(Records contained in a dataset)
________________

Lemma addcharD (y z : L) : addchar p w (y + z) = addchar p w y * addchar p w z.
Proof.
have [j Tr_y] := abs_trace_natr y; have [k Tr_z] := abs_trace_natr z.
rewrite (addcharE Tr_y) (addcharE Tr_z) -exprD (@addcharE _ (j + k)) //.
by rewrite abs_traceD Tr_y Tr_z natrD.
Qed.

Lemma addchar0 : addchar p w (0 : L) = 1.
Proof. by rewrite (@addcharE _ 0) ?expr0 // abs_trace0. Qed.

Lemma addchar_eq1 (y : L) : (addchar p w y == 1) = (Tr y == 0).
Proof.
have [k Tr_y] := abs_trace_natr y.
by rewrite (addcharE Tr_y) Tr_y -(prim_order_dvd w_prim) (dvdn_pcharf pL).
Qed.

Lemma sum_addchar_scale (F : finFieldType) (iota : {rmorphism F -> L}) (y : L) :
  \sum_(a : F) addchar p w (iota a * y) = if trace_form0 p iota y then #|F|%:R else 0.
Proof.
case: ifP => [/forallP Tr0 | /negbT/forallPn[b Tr_b]].
  rewrite (eq_bigr (fun _ => 1)) ?sumr_const // => a _.
  by apply/eqP; rewrite addchar_eq1 Tr0.
set S := \sum_(a : F) _.
have : S = addchar p w (iota b * y) * S.
  rewrite /S [LHS](reindex_inj (addIr b)) /= mulr_sumr; apply: eq_bigr => a _.
  by rewrite rmorphD mulrDl addcharD mulrC.
move/eqP; rewrite -subr_eq0 -{1}(mul1r S) -mulrBl mulf_eq0 subr_eq0 eq_sym.
by rewrite addchar_eq1 (negbTE Tr_b) => /eqP.
Qed.

End AbsTrace.

Lemma sumr_periodic (V : nmodType) (f : nat -> V) s u :
  (forall j, f (j + s)%N = f j) -> \sum_(j < u * s) f j = (\sum_(j < s) f j) *+ u.
Proof.
move=> f_per; elim: u => [|u IHu]; first by rewrite mul0n big_ord0 mulr0n.
rewrite mulSn big_split_ord /= mulrS -IHu; congr (_ + _).
by apply: eq_bigr => i _; rewrite addnC f_per.
Qed.

Lemma sumr_ord_mul (V : nmodType) n r (f : nat -> V) :
  \sum_(k < n * r) f k = \sum_(j < r) \sum_(l < n) f (j * n + l)%N.
Proof.
elim: r f => [|r IHr] f; first by rewrite muln0 !big_ord0.
rewrite mulnS big_split_ord big_ord_recl /= (IHr (fun i => f (n + i)%N)); congr (_ + _).
by apply: eq_bigr => j _; apply: eq_bigr => l _; rewrite /bump /= add1n mulSn addnA.
Qed.

(* If y_0 != 0, then h = X \prod_(0 < j < s) (X - y_j), of degree s and without
   constant term, vanishes at every y_j but y_0; summing h over the y_j gives
   h(y_0) != 0 on one side and a combination of the power sums on the other. *)
Lemma eq0_of_power_sums0 (K : fieldType) s (y : nat -> K) : (0 < s)%N ->
  {in gtn s &, injective y} ->
  (forall i, (0 < i <= s)%N -> \sum_(j < s) y j ^+ i = 0) -> y 0%N = 0.
Proof.
move=> s_gt0 y_inj psum0; apply/eqP/negP => /negP y0_neq0.
set h : {poly K} := 'X * \prod_(z <- [seq y j | j <- iota 1 s.-1]) ('X - z%:P).
have size_h : (size h <= s.+1)%N.
  rewrite /h mulrC size_mulX ?size_prod_XsubC ?size_map ?size_iota; first lia.
  by rewrite -size_poly_eq0 size_prod_XsubC.
have root_h j : (j < s)%N -> (h.[y j] == 0) = (0 < j)%N.
  move=> lt_js; rewrite /h hornerM hornerX mulf_eq0 -/(root _ _) root_prod_XsubC.
  apply/idP/idP => [/orP[/eqP yj0 | /mapP[i i_in yji]] | j_gt0].
  - by case: j yj0 {lt_js} => // y00; rewrite y00 eqxx in y0_neq0.
  - move: i_in; rewrite mem_iota => /andP[i_gt0 lt_i].
    by rewrite (y_inj j i) //; rewrite unfold_in /=; lia.
  - by apply/orP; right; apply/mapP; exists j; rewrite // mem_iota; lia.
have : \sum_(j < s) h.[y j] = h.[y 0%N].
  rewrite (bigD1 (Ordinal s_gt0)) //= big1 ?addr0 // => j j_neq0.
  apply/eqP; rewrite root_h // lt0n; apply: contraNneq j_neq0 => j0.
  exact/eqP/val_inj.
under eq_bigr do rewrite (horner_coef_wide _ size_h).
have h0 : h`_0 = 0 by rewrite coefXM.
rewrite exchange_big big_ord_recl /= h0 big1 ?add0r; last by move=> j _; rewrite mul0r.
rewrite big1 => [/esym/eqP|i _]; first by rewrite root_h // ltnn.
by rewrite -mulr_sumr psum0 ?mulr0 // /bump /= add1n ltn_ord.
Qed.

Section RelativeTrace.
Variables (p n r : nat) (F L : finFieldType) (iota : {rmorphism F -> L}).
Hypotheses (p_pr : prime p) (cardF : #|F| = (p ^ n)%N)
  (cardL : #|L| = ((p ^ n) ^ r)%N) (r_gt0 : (0 < r)%N).

Local Notation q := (p ^ n)%N.

Let cardLp : #|L| = (p ^ (n * r))%N. Proof. by rewrite cardL expnM. Qed.

Let pL : p \in [pchar L] := card_finPcharP cardLp p_pr.

Let n_gt0 : (0 < n)%N := finField_card_expn_gt0 cardF.

Definition rel_trace (y : L) : L := \sum_(j < r) y ^+ (q ^ j).

Lemma iota_fixed a j : iota a ^+ (q ^ j) = iota a.
Proof.
elim: j => [|j IHj]; first by rewrite expr1.
by rewrite expnS mulnC exprM IHj -rmorphXn -cardF expf_card.
Qed.

(* Transitivity of traces in the tower F_p < F < L, written inside L. *)
Lemma abs_trace_rel a y :
  abs_trace p (iota a * y) = \sum_(l < n) (iota a * rel_trace y) ^+ (p ^ l).
Proof.
rewrite (abs_traceE p_pr cardLp) (sumr_ord_mul n r (fun k => (iota a * y) ^+ (p ^ k))).
rewrite exchange_big; apply: eq_bigr => l _.
rewrite /rel_trace mulr_sumr (expr_sum_pcharX pL); apply: eq_bigr => j _.
by rewrite expnD [(j * n)%N]mulnC expnM exprM exprMn iota_fixed.
Qed.

Lemma rel_trace_pchar y : rel_trace (y ^+ p) = rel_trace y ^+ p.
Proof.
rewrite -[p in RHS]expn1 (expr_sum_pcharX pL) expn1.
by apply: eq_bigr => j _; rewrite exprAC.
Qed.

(* Tr (iota a * y) is the value of \sum_l X^(p^l), of degree p^(n-1) < q,
   at iota a * T y; if T y != 0 these are q distinct points. *)
Lemma rel_trace_eq0 y : trace_form0 p iota y -> rel_trace y = 0.
Proof.
move=> /forallP Tr0; apply/eqP/negP => /negP Ty_neq0.
set g : {poly L} := \sum_(l < n) 'X^(p ^ l).
have p_gt1 := prime_gt1 p_pr.
have g1 : g`_1 = 1.
  rewrite /g coef_sum -(prednK n_gt0) big_ord_recl /= coefXn eqxx big1 ?addr0 // => l _.
  by rewrite coefXn /bump /= add1n -{1}(expn0 p) eqn_exp2l.
have g_neq0 : g != 0 by apply: contra_eq_neq g1 => ->; rewrite coef0 eq_sym oner_neq0.
have size_g : (size g <= q)%N.
  apply: leq_trans (size_sum _ _ _) _; apply/bigmax_leqP => l _.
  by rewrite size_polyXn ltn_exp2l.
suff : (q < size g)%N by rewrite ltnNge size_g.
rewrite -cardF cardE -(size_map (fun a => iota a * rel_trace y)).
apply: max_poly_roots g_neq0 _ _.
  apply/allP => _ /mapP[a _ ->]; rewrite /root /g horner_sum.
  under eq_bigr do rewrite hornerXn.
  by rewrite -abs_trace_rel Tr0.
rewrite map_inj_uniq ?enum_uniq // => a b.
by move/(mulIf Ty_neq0)/fmorph_inj.
Qed.

Lemma rel_trace_expr_eq0 x d :
  (forall i, (0 < i < d)%N -> ~~ (p %| i)%N -> trace_form0 p iota (x ^+ i)) ->
  forall i, (0 < i < d)%N -> rel_trace (x ^+ i) = 0.
Proof.
move=> Tr0 i; elim/ltn_ind: i => i IHi /andP[i_gt0 lt_id].
have [/dvdnP[j def_i] | p_ndvd_i] := boolP (p %| i)%N; last first.
  by apply/rel_trace_eq0/Tr0; rewrite ?i_gt0.
subst i.
have j_gt0 : (0 < j)%N by move: i_gt0; rewrite muln_gt0 => /andP[].
have lt_ji : (j < j * p)%N by rewrite -{1}(muln1 j) ltn_pmul2l // prime_gt1.
rewrite exprM rel_trace_pchar IHi; first by rewrite expr0n eqn0Ngt prime_gt0.
  exact: lt_ji.
by rewrite j_gt0 (ltn_trans lt_ji lt_id).
Qed.

Let expr_qr (x : L) : x ^+ (q ^ r) = x.
Proof. by rewrite -cardL expf_card. Qed.

Section FrobeniusOrbit.
Variables (x : L) (s : nat).
Hypotheses (s_gt0 : (0 < s)%N) (x_qs : x ^+ (q ^ s) = x)
  (s_min : forall t, (0 < t)%N -> x ^+ (q ^ t) = x -> (s <= t)%N).

Lemma orbit_addn j : x ^+ (q ^ (j + s)) = x ^+ (q ^ j).
Proof. by rewrite expnD mulnC exprM x_qs. Qed.

Lemma orbit_modn j : x ^+ (q ^ j) = x ^+ (q ^ (j %% s)).
Proof.
rewrite {1}(divn_eq j s); elim: (j %/ s)%N => [|u IHu]; first by rewrite mul0n add0n.
by rewrite mulSn -addnA addnC orbit_addn.
Qed.

Lemma orbit_period_dvdn t : x ^+ (q ^ t) = x -> (s %| t)%N.
Proof.
move=> x_qt; apply/negPn/negP; rewrite /dvdn -lt0n => t_mod_gt0.
have := s_min t_mod_gt0 (etrans (esym (orbit_modn t)) x_qt).
by rewrite leqNgt ltn_mod s_gt0.
Qed.

Lemma orbit_inj : {in gtn s &, injective (fun j => x ^+ (q ^ j))}.
Proof.
suff lt_orbit i j : (j < i < s)%N -> x ^+ (q ^ i) = x ^+ (q ^ j) -> False.
  move=> i j; rewrite !unfold_in /= => lt_is lt_js eq_ij.
  have [lt_ij|lt_ji|//] := ltngtP i j; exfalso.
    by apply: (lt_orbit j i _ (esym eq_ij)); rewrite lt_ij lt_js.
  by apply: (lt_orbit i j _ eq_ij); rewrite lt_ji lt_is.
case/andP=> lt_ji lt_is eq_ij.
have /orbit_period_dvdn/dvdn_leq : x ^+ (q ^ (j + (s - i))) = x.
  by rewrite expnD exprM -eq_ij -exprM -expnD subnKC ?x_qs // ltnW.
rewrite addn_gt0 subn_gt0 lt_is orbT => /(_ isT); lia.
Qed.

Lemma rel_trace_orbit i :
  rel_trace (x ^+ i) = (\sum_(j < s) (x ^+ (q ^ j)) ^+ i) *+ (r %/ s).
Proof.
have s_dvd_r := orbit_period_dvdn (expr_qr x).
rewrite /rel_trace -[in LHS](divnK s_dvd_r).
rewrite (@sumr_periodic _ (fun j => (x ^+ i) ^+ (q ^ j))) => [|j].
  by congr (_ *+ _); apply: eq_bigr => j _; rewrite exprAC.
by rewrite !(exprAC _ i) orbit_addn.
Qed.

End FrobeniusOrbit.

(* The locus W of the x in L at which every monomial character
   a |-> psi (Tr (iota a * x^i)) with 0 < i < d, p \notdvd i, is trivial:
   the subfield of order q^(r/p) if p | r, and {0} otherwise. *)
Definition Wlocus (x : L) : bool :=
  if (p %| r)%N then x ^+ (q ^ (r %/ p)) == x else x == 0.

Lemma Wlocus_of_trace_form0 x d : (r < d)%N ->
  (forall i, (0 < i < d)%N -> ~~ (p %| i)%N -> trace_form0 p iota (x ^+ i)) -> Wlocus x.
Proof.
move=> lt_rd Tr0; have trace0 := rel_trace_expr_eq0 Tr0.
have ex_s : exists t, (0 < t)%N && (x ^+ (q ^ t) == x).
  by exists r; rewrite r_gt0 expr_qr eqxx.
have [s /andP[s_gt0 /eqP x_qs] s_min] := find_ex_minn ex_s.
have {}s_min t : (0 < t)%N -> x ^+ (q ^ t) = x -> (s <= t)%N.
  by move=> t_gt0 /eqP x_qt; apply: s_min; rewrite t_gt0.
have s_dvd_r := orbit_period_dvdn s_gt0 x_qs s_min (expr_qr x).
set u := (r %/ s)%N; have def_r : r = (u * s)%N by rewrite divnK.
have [p_dvd_u | p_ndvd_u] := boolP (p %| u)%N.
  rewrite /Wlocus def_r dvdn_mulr //= -divn_mulAC //.
  by rewrite (orbit_modn x_qs) modnMl expn0 expr1.
have u_neq0 : u%:R != 0 :> L by rewrite -(dvdn_pcharf pL).
have lt_sd : (s < d)%N by apply: leq_ltn_trans lt_rd; apply: dvdn_leq.
suff x0 : x = 0.
  rewrite /Wlocus x0 eqxx; case: ifP => // _.
  by rewrite expr0n !expn_eq0 eqn0Ngt prime_gt0.
have := eq0_of_power_sums0 s_gt0 (orbit_inj s_gt0 x_qs s_min).
rewrite expr1; apply => i /andP[i_gt0 le_is].
have := trace0 i; rewrite i_gt0 (leq_ltn_trans le_is lt_sd) => /(_ isT)/eqP.
rewrite (rel_trace_orbit s_gt0 x_qs s_min) -/u -mulr_natr mulf_eq0 (negbTE u_neq0).
by rewrite orbF => /eqP.
Qed.

Lemma trace_form0_of_Wlocus x i : (0 < i)%N -> Wlocus x -> trace_form0 p iota (x ^+ i).
Proof.
move=> i_gt0; rewrite /Wlocus; case: ifP => [p_dvd_r /eqP x_qt | _ /eqP->]; last first.
  by apply/forallP => a; rewrite expr0n eqn0Ngt i_gt0 mulr0 (abs_trace0 p_pr cardLp).
set t := (r %/ p)%N; apply/forallP => a; set z := iota a * x ^+ i.
have z_qt : z ^+ (q ^ t) = z by rewrite /z exprMn iota_fixed exprAC x_qt.
have def_nr : (n * r = p * (n * t))%N by rewrite /t mulnCA [(p * _)%N]mulnC divnK.
rewrite (abs_traceE p_pr cardLp) def_nr (@sumr_periodic _ (fun k => z ^+ (p ^ k))) => [|k].
  by rewrite mulrn_pchar.
by rewrite expnD mulnC exprM expnM z_qt.
Qed.

Lemma card_Wlocus :
  #|[pred x : L | Wlocus x]| = if (p %| r)%N then (q ^ (r %/ p))%N else 1%N.
Proof.
rewrite /Wlocus; case: ifP => [p_dvd_r | _]; last first.
  by rewrite -(card1 (0 : L)); apply: eq_card => x; rewrite !inE.
have t_gt0 : (0 < r %/ p)%N by rewrite divn_gt0 ?prime_gt0 // dvdn_leq.
rewrite -expnM; apply: (card_fixed_pcharX (k := p) pL).
- by rewrite muln_gt0 n_gt0.
- exact: prime_gt0.
- by rewrite cardLp -expnM -mulnA divnK.
Qed.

________________

• [EXERCISE DESCRIPTION]
Repeat word for word every line from the start of the entries to the line holding "Proof. by rewrite (@addcharE", inclusive, and nothing else.

• [SOLUTION BELOW]
Lemma addcharD (y z : L) : addchar p w (y + z) = addchar p w y * addchar p w z.
Proof.
have [j Tr_y] := abs_trace_natr y; have [k Tr_z] := abs_trace_natr z.
rewrite (addcharE Tr_y) (addcharE Tr_z) -exprD (@addcharE _ (j + k)) //.
by rewrite abs_traceD Tr_y Tr_z natrD.
Qed.

Lemma addchar0 : addchar p w (0 : L) = 1.
Proof. by rewrite (@addcharE _ 0) ?expr0 // abs_trace0. Qed.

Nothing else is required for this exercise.